INSTRUCTIONS TO FOLLOW. From the line with "(forall a, edge_weight" through the line with "move=> weight_neq0; rewrite", inclusive, return each line of the data below exactly and leave the rest out.
Start of RECORDS FOR THE EXERCISE
Lemma prod_flow_basis_label (t1 t2 y : flowmap) :
  \prod_a (if canon_edge a then flow_basis (t1 a) (y a) * flow_basis (t2 a) (y (swap a))
           else (~~ e a.1 a.2 ==> (y a == (false, false)))%:R) =
  \prod_a flow_basis (label t1 t2 a) (y a).
Proof.
rewrite (eq_bigr (fun a =>
    (if canon_edge a then flow_basis (t1 a) (y a)
     else (~~ e a.1 a.2 ==> (y a == (false, false)))%:R) *
    (if canon_edge a then flow_basis (t2 a) (y (swap a)) else 1))); last first.
  by move=> a _; case: ifP; rewrite ?mulr1.
rewrite big_split /= [X in _ * X](reindex_inj (can_inj swapK)) -big_split /=.
apply: eq_bigr => a _; rewrite swapK /label.
have [can_a|not_can_a] := boolP (canon_edge a).
  by rewrite (negbTE (canon_edge_swap can_a)) mulr1.
have [can_sa|not_can_sa] := boolP (canon_edge (swap a)).
  by move: can_sa => /andP[/= ea _]; rewrite e_sym ea mul1r.
have not_ea : ~~ e a.1 a.2.
  by apply/negP => /edge_canon; case: a not_can_a not_can_sa => u v /negbTE-> /negbTE->.
by rewrite not_ea mulr1; case: (y a) => [[] []].
Qed.

Lemma inflow_ok_expand c y :
  (inflow_ok c y)%:R * 2 ^+ #|[set a | canon_edge a]| =
  \sum_(t1 : flowmap) \sum_(t2 : flowmap) (\prod_a edge_weight c a (t1 a) (t2 a)) *
    (\prod_a flow_basis (label t1 t2 a) (y a)) *
    \prod_w (vertex_ok (r w) [ffun v => y (w, v)])%:R.
Proof.
under [RHS]eq_bigr => t1 _ do rewrite -mulr_suml.
rewrite -mulr_suml /inflow_ok !andb_natr !forall_natr mulrA mulrAC; congr (_ * _).
have -> : 2 ^+ #|[set a | canon_edge a]| = \prod_a (if canon_edge a then 2 else 1) :> int.
  by rewrite -big_mkcond -prodr_const; apply: eq_bigl => a; rewrite inE.
rewrite -!big_split /=.
pose L a t t' : int := if canon_edge a then flow_basis t (y a) * flow_basis t' (y (swap a))
                       else (~~ e a.1 a.2 ==> (y a == (false, false)))%:R.
transitivity (\prod_a \sum_t \sum_t' edge_weight c a t t' * L a t t').
  apply: eq_bigr => a _; rewrite /edge_weight /L; case: (boolP (canon_edge a)) => [can_a|_].
    rewrite (andP can_a).1 /= mulr1 edge_ok_expand.
    by under eq_bigr do under eq_bigr do rewrite mulrA.
  by rewrite /= mul1r mulr1 sum_bool2 !sum_bool2 /= !mul0r !add0r mul1r.
rewrite bigA_distr_bigA; apply: eq_bigr => t1 _.
rewrite bigA_distr_bigA; apply: eq_bigr => t2 _.
by rewrite big_split /= prod_flow_basis_label.
Qed.

Lemma sum_inflow_ok c :
  (#|[set y | inflow_ok c y]|%:R : int) * 2 ^+ #|[set a | canon_edge a]| =
  \sum_(t1 : flowmap) \sum_(t2 : flowmap) expansion_term c t1 t2.
Proof.
rewrite -sum1dep_card natr_sum mulr_suml big_mkcond /=.
rewrite (eq_bigr (fun y => (inflow_ok c y)%:R * 2 ^+ #|[set a | canon_edge a]|)); last first.
  by move=> y _; case: inflow_ok; rewrite ?mul0r.
under eq_bigr => y _ do rewrite inflow_ok_expand.
rewrite exchange_big; apply: eq_bigr => t1 _.
rewrite exchange_big; apply: eq_bigr => t2 _.
under eq_bigr => y _ do rewrite -mulrA.
rewrite -mulr_sumr /expansion_term /vertex_sum -(sum_ffun_prod_rows (fun w z =>
  \prod_v flow_basis (label t1 t2 (w, v)) (z v) * (vertex_ok (r w) z)%:R)).
congr (_ * _); apply: eq_bigr => y _; rewrite big_split /=; congr (_ * _).
rewrite pair_big /=; apply: eq_bigr => -[w v] _; by rewrite ffunE.
Qed.

Local Notation untwisted := (fun _ _ : V => false).

Lemma edge_weight_twist c a t t' : edge_weight c a t t' =
  edge_weight untwisted a t t' * (-1) ^+ [&& canon_edge a, c a.1 a.2 & t == (true, true)].
Proof.
rewrite /edge_weight; case: canon_edge; last by rewrite mulr1.
by case: (c _ _); case: t => [[] []]; case: t' => [[] []].
Qed.

Lemma edge_weight_untwisted_sign a t t' :
  0 <= (-1) ^+ (canon_edge a && (t == (true, true))) * edge_weight untwisted a t t'.
Proof.
rewrite /edge_weight; case: canon_edge; last by rewrite mul1r; case: (_ && _).
by case: t => [[] []]; case: t' => [[] []].
Qed.

Lemma edge_weight_neq0_diff a t t' : canon_edge a ->
  edge_weight untwisted a t t' != 0 -> (t == (true, true)) = (t' == (true, true)).
Proof. by rewrite /edge_weight => ->; case: t => [[] []]; case: t' => [[] []]. Qed.

Lemma sum_label_count_diff (t1 t2 : flowmap) :
  (forall a, edge_weight untwisted a (t1 a) (t2 a) != 0) ->
  (\sum_w label_count (fun v => label t1 t2 (w, v)) (true, true) =
   (\sum_a (canon_edge a && (t1 a == (true, true)) : nat)).*2)%N.
Proof.
move=> weight_neq0; rewrite /label_count pair_big /=.
transitivity (\sum_a ((canon_edge a && (t1 a == (true, true)) : nat) +
                      (canon_edge (swap a) && (t2 (swap a) == (true, true)) : nat)))%N.
  apply: eq_bigr => -[w v] _; rewrite /label.
  have [can_a|_] := boolP (canon_edge (w, v)); last by case: canon_edge.
  by rewrite (negbTE (canon_edge_swap can_a)) addn0.
rewrite big_split /= [X in (_ + X)%N](reindex_inj (can_inj swapK)) /= -addnn.
congr (_ + _)%N; apply: eq_bigr => a _; rewrite swapK.
have [can_a|//] := boolP (canon_edge a).
by rewrite /= (edge_weight_neq0_diff can_a (weight_neq0 a)).
Qed.

(* An edge labelled (1,1) has a negative untwisted coefficient and adds 2 to the
   total number of (1,1) labels seen by the vertex sums. *)
Lemma expansion_term_untwisted_ge0 (t1 t2 : flowmap) : 0 <= expansion_term untwisted t1 t2.
Proof.
rewrite /expansion_term; set E := \prod_a _; set W := \prod_w _.
have [->|/prodf_neq0 E_neq0] := eqVneq E 0; first by rewrite mul0r.
pose M := (\sum_a (canon_edge a && (t1 a == (true, true)) : nat))%N.
have E_sign : 0 <= (-1) ^+ M * E.
  by rewrite -prodrXr -big_split /=; apply: prodr_ge0 => a _; apply: edge_weight_untwisted_sign.
have [->|/prodf_neq0 W_neq0] := eqVneq W 0; first by rewrite mulr0.
have even_count w : ~~ odd (label_count (fun v => label t1 t2 (w, v)) (true, true)).
  by apply: contra (W_neq0 w isT) => /vertex_sum_odd ->.
have W_sign : 0 <= (-1) ^+ M * W.
  have -> : M = (\sum_w (label_count (fun v => label t1 t2 (w, v)) (true, true))./2)%N.
    apply: double_inj; rewrite -(sum_label_count_diff (fun a => E_neq0 a isT)).
    rewrite (big_morph double doubleD double0); apply: eq_bigr => w _.
    by rewrite halfK (negbTE (even_count w)) subn0.
  by rewrite -prodrXr -big_split /=; apply: prodr_ge0 => w _; apply: vertex_sum_sign.
by have := mulr_ge0 E_sign W_sign; rewrite mulrACA -expr2 sqrr_sign mul1r.
Qed.
(* Let $V$ be a real finite-dimensional inner product space and let $(g(x))_{x\ge0}$ be a semigroup on $V$ satisfying the boundedness assumption. Let $V=V_1\oplus V_2$ be a decomposition into $g$-invariant subspaces with $g(x)|_{V_1}$ invertible for all $x\ge0$ and $g(x)|_{V_2}=0$ for all $x>0$. Then $V_1\perp V_2$.
   Context: A semigroup is a map $g:[0,\infty)\to L(V)$ with $g(0)=\mathrm{id}$ and $g(x+y)=g(x)g(y)$ for all $x,y\ge0$. Boundedness assumption: there is a locally bounded function $f:[0,\infty)\to\mathbb R$, right-continuous at $0$, with $f(0)=1$, such that $\|g(x)\|_{\mathrm{op}}\le f(x)$ for all $x\ge0$, where $\|\cdot\|_{\mathrm{op}}$ is the operator norm induced by the inner product. *)

From HB Require Import structures.
From mathcomp Require Import all_boot all_order all_algebra.
From mathcomp Require Import all_classical all_reals all_analysis.
Set Implicit Arguments. Unset Strict Implicit. Unset Printing Implicit Defensive.
Import Order.TTheory GRing.Theory Num.Theory numFieldNormedType.Exports.
Local Open Scope ring_scope.
Local Open Scope classical_set_scope.

(* V is modelled as the real vector space 'rV[R]_n (n = dim V) equipped with an
   ARBITRARY inner product ip; linear operators on V are matrices A : 'M_n
   acting by v |-> v *m A; subspaces are row spaces of matrices (mxalgebra). *)

Definition is_inner_product (R : realType) (n : nat)
  (ip : 'rV[R]_n -> 'rV[R]_n -> R) : Prop :=
  [/\ (forall u v, ip u v = ip v u),
      (forall a u v w, ip (a *: u + v) w = a * ip u w + ip v w),
      (forall v, 0 <= ip v v) &
      (forall v, ip v v = 0 -> v = 0)].

Definition ipnorm (R : realType) (n : nat) (ip : 'rV[R]_n -> 'rV[R]_n -> R)
  (v : 'rV[R]_n) : R := Num.sqrt (ip v v).

Definition opnorm (R : realType) (n : nat) (ip : 'rV[R]_n -> 'rV[R]_n -> R)
  (A : 'M[R]_n) : R :=
  sup [set ipnorm ip (v *m A) | v in [set v : 'rV[R]_n | ipnorm ip v <= 1]].

Definition is_semigroup (R : realType) (n : nat) (g : R -> 'M[R]_n) : Prop :=
  g 0 = 1%:M /\ (forall x y, 0 <= x -> 0 <= y -> g (x + y) = g x *m g y).

Definition locally_bounded0 (R : realType) (f : R -> R) : Prop :=
  forall b, 0 <= b -> exists M : R, forall x, 0 <= x <= b -> `|f x| <= M.

Definition boundedness_assumption (R : realType) (n : nat)
  (ip : 'rV[R]_n -> 'rV[R]_n -> R) (g : R -> 'M[R]_n) : Prop :=
  exists f : R -> R,
    [/\ locally_bounded0 f,
        f x @[x --> 0^'+] --> f 0,
        f 0 = 1 &
        forall x, 0 <= x -> opnorm ip (g x) <= f x].

From HB Require Import structures.
From mathcomp Require Import all_boot all_order all_algebra.
From mathcomp Require Import all_classical all_reals all_analysis.
From mathcomp Require Import ring lra.
Import Order.TTheory GRing.Theory Num.Theory numFieldNormedType.Exports.
Local Open Scope ring_scope.
Set Implicit Arguments. Unset Strict Implicit. Unset Printing Implicit Defensive.

(* Let v be in V1 and w in V2.  We show that v has minimal norm on the line
   v + R w, which forces <v, w> = 0.  For h > 0 the operator g(h) kills w, so
   (v + t w) g(h) = v g(h) and |v g(h)| <= f(h) |v + t w| with f(h) close to 1
   for small h; it remains to find small h with v g(h) close to v.  No
   continuity of g is assumed: writing v = z g(b) (g(b) maps V1 onto V1), the
   bounded sequence y_j = z g(s_j), s_j = b/(j+2), has two close terms
   y_j0, y_j1 with j0 < j1, and v g(h) - v = (y_j0 - y_j1) g(b - s_j1) for
   h = s_j0 - s_j1. *)

Section InnerProductGeometry.
Variables (R : realType) (n : nat) (ip : 'rV[R]_n -> 'rV[R]_n -> R).
Hypothesis ipP : is_inner_product ip.
Theorem theorem4p1 (sig : signature) (S : Type) (rels : relstruct sig S)
  (A : finType) (phi : seq A -> S)
  (Hpres : injective_unary_FA_presentation rels phi)
  (i : sym sig) (e : arity i = 2) :
  regular_rel (Lambda (fun _ : seq A => True) phi (rt_rel2 (binrel rels e)))
  /\ unary_FA_presentable (aug_struct rels (rt_rel2 (binrel rels e))).
Proof.
case: Hpres => card_A [L_reg phi_surj eq_reg rels_reg] phi_inj.
have /card1P[a A_a] : #|A| == 1 by rewrite card_A.
have unary x : x = a by have := A_a x; rewrite !inE => /esym/eqP.
pose f m := phi (nseq m a).
have f_inj : injective f by move=> m n /phi_inj/(congr1 size); rewrite !size_nseq.
have f_surj s : exists m, f m = s.
  by have [w [_ <-]] := phi_surj s; exists (size w); rewrite /f -seq_unary.
have [T [p Rper]] := ult_periodic_of_regular unary (regular_rel_cast e (rels_reg i)).
have [T' [p' Rstar_per]] := ult_periodic_clos_rt Rper.
have star_reg : regular_rel (Lambda (fun _ => True) phi (rt_rel2 (binrel rels e))).
  apply: (regular_of_ult_periodic unary (T := T') (p := p')).
  apply: ult_periodic_ext Rstar_per => m n.
  exact: (@clos_rt_pullback nat S f (binrel rels e) m n f_inj f_surj).
split=> //; exists A, (fun _ => True), phi; split=> //; split=> //.
by case=> [j|] /=; [exact: rels_reg | exact: star_reg].
Qed.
End of RECORDS FOR THE EXERCISE
EXERCISE RESPONSE.
  (forall a, edge_weight untwisted a (t1 a) (t2 a) != 0) ->
  (\sum_w label_count (fun v => label t1 t2 (w, v)) (true, true) =
   (\sum_a (canon_edge a && (t1 a == (true, true)) : nat)).*2)%N.
Proof.
move=> weight_neq0; rewrite /label_count pair_big /=.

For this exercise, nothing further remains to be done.